= Ohio Women's Convention at Salem in 1850 =

Women's rights convention

The Ohio Women's Convention at Salem in 1850 met on April 19–20, 1850 in Salem, Ohio, a center for reform activity. It was the third in a series of women's rights conventions that began with the Seneca Falls Convention of 1848. It was the first of these conventions to be organized on a statewide basis. About five hundred people attended. All of the convention's officers were women. Men were not allowed to vote, sit on the platform or speak during the convention. The convention sent a memorial to the convention that was preparing a new Ohio state constitution, asking it to provide for women's right to vote.

==History==

The Ohio Women's Convention at Salem met on April 19–20, 1850 in Salem, Ohio. About five hundred people attended.
It met at the Second Baptist Church and the Friends (Quaker) Meeting House. It was the third in a series of women's rights conventions that began with the Seneca Falls Convention of 1848 and continued with the Rochester Convention two weeks later. Both of these were regional gatherings in western New York State. The Salem convention was the first women's rights convention to be organized on a statewide basis.
The first to be organized on a national basis was the National Women's Rights Convention in Worcester, Massachusetts in October, 1850.

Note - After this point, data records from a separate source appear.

(* In the coordinates [coords x] the cone [C] becomes [R^m_+ x R^k]; [lam j]
   is the [j]-th barycentric coordinate, which vanishes exactly on [E j]. *)
Definition coordmx : 'M[R]_(m + k) := block_mx (invmx V) 0 0 1%:M.
Definition pointmx : 'M[R]_(m + k) := block_mx V 0 0 1%:M.
Definition coords x := x *m coordmx.
Definition lam j x := coords x 0 (lshift k j).
Definition lamform j : pt := delta_mx 0 (lshift k j) *m coordmx^T.
Definition orthant : set pt := [set y | forall j, 0 <= y 0 (lshift k j)].

Lemma coordsE x : coords x = row_mx (lsubmx x *m invmx V) (rsubmx x).
Proof.
by rewrite /coords -{1}(hsubmxK x) mul_row_block !mulmx0 addr0 add0r mulmx1.
Qed.

Lemma lamE j x : lam j x = (lsubmx x *m invmx V) 0 j.
Proof. by rewrite /lam coordsE row_mxEl. Qed.

Lemma mul_coordmx_pointmx : coordmx *m pointmx = 1%:M.
Proof.
rewrite mulmx_block !mulmx0 !mul0mx !addr0 !add0r mulmx1 mulVmx //.
by rewrite -scalar_mx_block.
Qed.

Lemma mul_pointmx_coordmx : pointmx *m coordmx = 1%:M.
Proof.
rewrite mulmx_block !mulmx0 !mul0mx !addr0 !add0r mulmx1 mulmxV //.
by rewrite -scalar_mx_block.
Qed.

Lemma pointmx_unit : pointmx \in unitmx.
Proof. by case: (mulmx1_unit mul_pointmx_coordmx). Qed.

Lemma coordsK x : coords x *m pointmx = x.
Proof. by rewrite /coords -mulmxA mul_coordmx_pointmx mulmx1. Qed.

Lemma coords_point y : coords (y *m pointmx) = y.
Proof. by rewrite /coords -mulmxA mul_pointmx_coordmx mulmx1. Qed.

Lemma simpconeP x : C x <-> forall j, 0 <= lam j x.
Proof.
split=> [[l [l_ge0 xl]] j | lam_ge0]; first by rewrite lamE xl mulmxK.
by exists (lsubmx x *m invmx V); split=> [j|]; rewrite ?mulmxKV // -lamE.
Qed.

Lemma cfacetP j x : E j x <-> C x /\ lam j x = 0.
Proof.
split=> [[l [l_ge0 [lj0 xl]]] | [/simpconeP lam_ge0 lam0]].
  by split; [exists l | rewrite lamE xl mulmxK].
by exists (lsubmx x *m invmx V); split=> [t|]; rewrite ?mulmxKV // -lamE.
Qed.

Lemma dotv_coordform g x : dotv (g *m coordmx^T) x = dotv g (coords x).
Proof. by rewrite !dotvE trmx_mul trmxK mulmxA. Qed.

Lemma lam_dotv j x : lam j x = dotv (lamform j) x.
Proof. by rewrite dotv_coordform dotv_delta. Qed.

Lemma lam_gt0 j x : C x -> ~ E j x -> 0 < lam j x.
Proof.
move=> Cx nEx; rewrite lt_def ((simpconeP x).1 Cx) andbT.
by apply/eqP => lam0; apply: nEx; apply/cfacetP.
Qed.

Lemma lam0 j : lam j 0 = 0.
Proof. by rewrite /lam /coords mul0mx mxE. Qed.

Lemma simpcone0 : C 0.
Proof. by apply/simpconeP => j; rewrite lam0. Qed.

Lemma orthant_support g c : (forall y, orthant y -> dotv g y <= c) ->
  [/\ 0 <= c, forall j, g 0 (lshift k j) <= 0 & forall t, g 0 (rshift m t) = 0].
Proof.
move=> le_c; have at_delta t r : orthant (r *: delta_mx 0 t) -> r * g 0 t <= c.
  by move=> /le_c; rewrite dotv_scale_delta.
have c_ge0 : 0 <= c.
  by have := le_c 0; rewrite dotvE mul0mx mxE; apply=> j; rewrite mxE.
have orthant_delta_l r j : 0 <= r -> orthant (r *: delta_mx 0 (lshift k j)).
  by move=> r_ge0 j'; rewrite !mxE mulr_ge0 ?ler0n.
have orthant_delta_r r t : orthant (r *: delta_mx 0 (rshift m t)).
  by move=> j'; rewrite !mxE eq_lrshift andbF mulr0.
split=> // [j|t].
  rewrite leNgt; apply/negP => g_gt0.
  have r_ge0 : 0 <= (c + 1) / g 0 (lshift k j) by rewrite divr_ge0 ?ltW //; lra.
  have := at_delta _ _ (orthant_delta_l _ j r_ge0).
  by rewrite mulfVK ?gt_eqF //; lra.
apply/eqP/contraT => g_neq0.
have := at_delta _ _ (orthant_delta_r ((c + 1) / g 0 (rshift m t)) t).
by rewrite mulfVK //; lra.
Qed.

Definition coord_face S : set pt :=
  [set x | C x /\ forall j, j \in S -> lam j x = 0].

Lemma coord_face_face S : face_of C (coord_face S).
Proof.
split; first by exists 0; split=> [|j _]; [exact: simpcone0 | exact: lam0].
exists (- \sum_(j in S) lamform j), 0.
have dotv_form x : dotv (- \sum_(j in S) lamform j) x = - \sum_(j in S) lam j x.
  by rewrite dotvNl dotv_suml; congr (- _); apply: eq_bigr => j _; rewrite lam_dotv.
split; first by move=> x /simpconeP lam_ge0; rewrite dotv_form oppr_le0 sumr_ge0.
rewrite predeqE => x /=; rewrite dotv_form; split=> [[Cx lamS0] | [Cx /eqP]].
  by split=> //; rewrite big1 ?oppr0.
rewrite oppr_eq0 => /eqP sum0; split=> // j jS.
by move/simpconeP: Cx => lam_ge0; apply: (psumr_eq0P (fun j _ => lam_ge0 j) sum0).
Qed.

Salem was a center for reform activity. Its inhabitants included a number of anti-slavery activists, many of them Quakers.
The Anti-Slavery Bugle, an abolitionist newspaper, was published in Salem beginning in 1845.
A local group of the Progressive Friends, an association of Quakers who separated from the main body partly so they could be freer to work for such causes as abolitionism and women's rights, was formed in Salem in 1849.
The local school board was composed of abolitionists from both wings of that movement: the followers of William Lloyd Garrison, who opposed involvement in political activity, and supporters of the Liberty Party, an abolitionist political party. All eight members of the school board had female relatives who participated in the Salem convention.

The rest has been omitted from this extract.